The specific requirement for domestic content varies per element of a solar system, as well as the year in which the installation is undertaken. The percentage of domestic content required increases annually, providing incentive for the companies producing and financing these installations to begin moving from foreign to domestic production sources in order to remain eligible for federal incentives. Specifically, financing companies need to pay attention to domestic content approval as it is what enables them to make use of the second solar tax credit.

Is there a second tax credit?

There is indeed a second solar tax credit! With all the talk of the residential solar tax credit going away, it is easy to miss the additional nuance of this conversation - which is why we’re shining a spotlight on it today. While it is true that the residential solar ITC is ending in 2025, there is another tax credit that will continue on until 2027. While the current solar tax credit is being phased out for residential customers, the other tax credit is available to commercial institutions, and can be utilized by organizations like financing companies to provide similar benefits to ratepayers even after the current ITC expires.

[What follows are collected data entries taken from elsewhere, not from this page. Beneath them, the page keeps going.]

(* Let $k$ be a field of characteristic zero and let $N$ be a normal subgroup of $GA_3$ containing all diagonal automorphisms of $k^3$. Then the Nagata automorphism $$F=\big(X-2(Y^2+XZ)Y-(Y^2+XZ)^2Z,\ Y+(Y^2+XZ)Z,\ Z\big)$$ belongs to $N$.
   Context: $GA_3$ is the group (under composition) of polynomial automorphisms $G=(G_1,G_2,G_3)$ of $k^3$, with $G_i\in k[X,Y,Z]$. An automorphism is diagonal if it has the form $(c_1X,c_2Y,c_3Z)$ with $c_1,c_2,c_3\in k\setminus\{0\}$. *)

From HB Require Import structures.
From mathcomp Require Import all_boot all_algebra.
From mathcomp Require Import mpoly.
Set Implicit Arguments. Unset Strict Implicit. Unset Printing Implicit Defensive.
Import GRing.Theory.
Local Open Scope ring_scope.

(* A polynomial endomorphism G = (G_1,G_2,G_3) of k^3, with G_i in k[X,Y,Z]
   (variables X,Y,Z are 'X_0,'X_1,'X_2 of {mpoly k[3]}). *)
Definition polymap3 (k : fieldType) := 3.-tuple {mpoly k[3]}.

Definition pcomp (k : fieldType) (F G : polymap3 k) : polymap3 k :=
  [tuple comp_mpoly G (tnth F i) | i < 3].

Definition pid (k : fieldType) : polymap3 k := [tuple 'X_i | i < 3].

Definition is_inverse (k : fieldType) (F G : polymap3 k) : Prop :=
  pcomp F G = pid k /\ pcomp G F = pid k.

Definition in_GA3 (k : fieldType) (F : polymap3 k) : Prop :=
  exists G, is_inverse F G.

Definition normal_subgroup_GA3 (k : fieldType) (N : polymap3 k -> Prop) : Prop :=
  [/\ (forall F, N F -> in_GA3 F),
      N (pid k),
      (forall F G, N F -> N G -> N (pcomp F G)),
      (forall F G, N F -> is_inverse F G -> N G)
    & (forall H Hi F, is_inverse H Hi -> N F -> N (pcomp (pcomp H F) Hi))].

Definition diag_aut (k : fieldType) (c1 c2 c3 : k) : polymap3 k :=
  [tuple c1 *: 'X_0; c2 *: 'X_1; c3 *: 'X_2].

Definition nagata (k : fieldType) : polymap3 k :=
  let X : {mpoly k[3]} := 'X_0 in
  let Y : {mpoly k[3]} := 'X_1 in
  let Z : {mpoly k[3]} := 'X_2 in
  let D := Y ^+ 2 + X * Z in
  [tuple X - 2%:R * D * Y - D ^+ 2 * Z; Y + D * Z; Z].

Definition char0 (k : fieldType) : Prop := [pchar k] =i pred0.

From HB Require Import structures.
From mathcomp Require Import all_boot all_algebra.
From mathcomp Require Import mpoly ring.
Set Implicit Arguments. Unset Strict Implicit. Unset Printing Implicit Defensive.
Local Open Scope ring_scope.
Import GRing.Theory.

(* With D = Y^2 + XZ, the maps
     E(t) = (X - 2tDY - t^2 D^2 Z, Y + tDZ, Z)
   form a one-parameter subgroup of GA_3 with E(1) the Nagata automorphism, and
   conjugating E(t) by the diagonal map (X, uY, u^2 Z) gives E(t u^3).  Hence the
   commutator of E(1) with that diagonal map, which lies in any normal subgroup
   containing the diagonal automorphisms, is E(1 - u^3).  Taking u = -1 and
   u = 2 (here 2 != 0 is where the characteristic enters) gives E(2) and E(-7),
   and E(1) = E(2)^4 E(-7). *)

Section CompMpoly.
Variables (R : comNzRingType) (n m : nat) (lq : n.-tuple {mpoly R[m]}).
Implicit Types p q : {mpoly R[n]}.

Lemma comp_mpolyM p q : (p * q) \mPo lq = (p \mPo lq) * (q \mPo lq).
Proof. exact: rmorphM. Qed.

Lemma comp_mpolyXn p e : (p ^+ e) \mPo lq = (p \mPo lq) ^+ e.
Proof. exact: rmorphXn. Qed.

Lemma comp_mpoly_nat e : (e%:R : {mpoly R[n]}) \mPo lq = e%:R.
Proof. exact: rmorph_nat. Qed.

Definition comp_mpoly_ringE :=
  (comp_mpolyD, comp_mpolyB, comp_mpolyN, comp_mpolyM, comp_mpolyXn, comp_mpoly_nat,
   comp_mpolyC, comp_mpolyXU).

End CompMpoly.

Lemma comp_mpolyA (R : comNzRingType) (n m r : nat) (p : {mpoly R[n]})
    (lp : n.-tuple {mpoly R[m]}) (lq : m.-tuple {mpoly R[r]}) :
  (p \mPo lp) \mPo lq = p \mPo [tuple tnth lp i \mPo lq | i < n].
Proof.
rewrite (comp_mpolyEX p lp) (comp_mpolyEX p) raddf_sum; apply: eq_bigr => m' _.
rewrite /= comp_mpolyZ !comp_mpolyX rmorph_prod; congr (_ *: _).
by apply: eq_bigr => i _; rewrite rmorphXn tnth_mktuple.
Qed.

Section PolyMap3.
Variable k : fieldType.
Implicit Types (F G H : polymap3 k) (a b c : {mpoly k[3]}).

Lemma pcompA F G H : pcomp (pcomp F G) H = pcomp F (pcomp G H).
Proof.
by apply: eq_from_tnth => i; rewrite !tnth_mktuple comp_mpolyA.
Qed.

Lemma pcomp_tuple a b c G :
  pcomp [tuple a; b; c] G = [tuple a \mPo G; b \mPo G; c \mPo G].
Proof. by apply: eq_from_tnth => -[[|[|[|//]]] i]; rewrite tnth_mktuple. Qed.

Lemma pidE : pid k = [tuple 'X_0; 'X_1; 'X_2].
Proof.
apply: eq_from_tnth => i; rewrite tnth_mktuple (tnth_nth 0).
by case: i => -[|[|[|//]]] ?; congr 'X__; apply: val_inj.
Qed.

(* E(t) = exp(t D delta) for the locally nilpotent derivation
   delta = Z d/dY - 2Y d/dX, whose kernel contains D = Y^2 + XZ. *)
Definition nagata_exp (t : k) : polymap3 k :=
  let X : {mpoly k[3]} := 'X_0 in
  let Y : {mpoly k[3]} := 'X_1 in
  let Z : {mpoly k[3]} := 'X_2 in
  let D := Y ^+ 2 + X * Z in
  [tuple X - 2%:R * t%:MP * D * Y - t%:MP ^+ 2 * D ^+ 2 * Z; Y + t%:MP * D * Z; Z].

Lemma nagata_expD s t :
  pcomp (nagata_exp s) (nagata_exp t) = nagata_exp (s + t).
Proof.
rewrite /nagata_exp pcomp_tuple !comp_mpoly_ringE /= mpolyCD.
congr [tuple _; _; _]; ring.
Qed.

Lemma nagata_exp0 : nagata_exp 0 = pid k.
Proof. by rewrite pidE /nagata_exp; congr [tuple _; _; _]; ring. Qed.

Lemma nagata_exp_inverse t : is_inverse (nagata_exp t) (nagata_exp (- t)).
Proof. by split; rewrite nagata_expD ?subrr ?addNr nagata_exp0. Qed.

Lemma nagata_exp1 : nagata_exp 1 = nagata k.
Proof. by rewrite /nagata_exp /nagata; congr [tuple _; _; _]; ring. Qed.

Lemma conj_diag_nagata_exp (u v t : k) : v * u = 1 ->
  pcomp (pcomp (diag_aut 1 v (v ^+ 2)) (nagata_exp t)) (diag_aut 1 u (u ^+ 2)) =
  nagata_exp (t * u ^+ 3).
Proof.
move=> vu; have vuMP : v%:MP * u%:MP = 1 :> {mpoly k[3]} by rewrite -mpolyCM vu.
rewrite /nagata_exp /diag_aut !pcomp_tuple !(comp_mpoly_ringE, comp_mpolyZ) /=.
by rewrite -!mul_mpolyC; congr [tuple _; _; _]; ring: vuMP.
Qed.

End PolyMap3.

Section NormalSubgroup.
Variables (k : fieldType) (N : polymap3 k -> Prop).
Hypothesis N_normal : normal_subgroup_GA3 N.
Hypothesis N_diag : forall c1 c2 c3 : k,
  c1 != 0 -> c2 != 0 -> c3 != 0 -> N (diag_aut c1 c2 c3).

Lemma N_pcomp F G : N F -> N G -> N (pcomp F G).
Proof. by case: N_normal => _ _ N_comp _ _; apply: N_comp. Qed.

Lemma N_nagata_expD s t :
  N (nagata_exp s) -> N (nagata_exp t) -> N (nagata_exp (s + t)).
Proof. by rewrite -nagata_expD; apply: N_pcomp. Qed.

Lemma N_nagata_exp_commutator (u : k) : u != 0 -> N (nagata_exp (1 - u ^+ 3)).
Proof.
move=> u_neq0; case: N_normal => _ _ _ _ N_conj.
have uV_neq0 : u^-1 != 0 by rewrite invr_eq0.
have N_diag_u c : c != 0 -> N (diag_aut 1 c (c ^+ 2)).
  by move=> c_neq0; apply: N_diag; rewrite ?oner_eq0 ?expf_neq0.
have N_conj_diag : N (pcomp (pcomp (nagata_exp 1) (diag_aut 1 u^-1 (u^-1 ^+ 2)))
                            (nagata_exp (- 1))).
  by apply: N_conj; [exact: nagata_exp_inverse | exact: N_diag_u].
have := N_pcomp N_conj_diag (N_diag_u u u_neq0).
by rewrite !pcompA -(pcompA (diag_aut _ _ _)) conj_diag_nagata_exp ?mulVf //
  nagata_expD mulN1r.
Qed.

End NormalSubgroup.

Theorem mainTheorem4 (k : fieldType) (N : polymap3 k -> Prop) :
  char0 k ->
  normal_subgroup_GA3 N ->
  (forall c1 c2 c3 : k, c1 != 0 -> c2 != 0 -> c3 != 0 -> N (diag_aut c1 c2 c3)) ->
  N (nagata k).
Proof.
move=> k_char0 N_normal N_diag.
have two_neq0 : 2%:R != 0 :> k by move/pcharf0P: k_char0 => ->.
have N_E2 : N (nagata_exp 2%:R).
  rewrite (_ : 2%:R = 1 - (-1) ^+ 3); last by ring.
  by apply: N_nagata_exp_commutator; rewrite ?oppr_eq0 ?oner_eq0.
have N_E4 := N_nagata_expD N_normal N_E2 N_E2.
have N_E8 := N_nagata_expD N_normal N_E4 N_E4.
have N_Em7 := N_nagata_exp_commutator N_normal N_diag two_neq0.
rewrite -nagata_exp1 (_ : 1 = 2%:R + 2%:R + (2%:R + 2%:R) + (1 - 2%:R ^+ 3)).
  exact: N_nagata_expD.
by ring.
Qed.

What this means is that even after the eligibility period for the current solar tax credit ends, you’ll still be able to access a similar style of discount through financing institutions, who can provide you with a version of the tax credit in the form of upfront savings, in lieu of using the tax credit to reduce your tax liability, like you would have with the current ITC. While we would all like to see the current tax credit continue on for the 7 additional years it was supposed to be available, an opportunity like this means that the savings of the tax credit aren’t gone just yet. For those interested in financing their system via a lease or PPA, there is still time to save.

How are they connected?

The connection is key here, because it will impact the financing companies providing the benefit to customers, and by extension will impact the design and component makeup of your system. In order for financing institutions to claim their version of the tax credit, they will need to be able to show that the systems they are financing are domestic content approved. As we now know, this means that installation companies will need to ensure they have provided materials which meet the standards established by the Inflation Reduction Act. 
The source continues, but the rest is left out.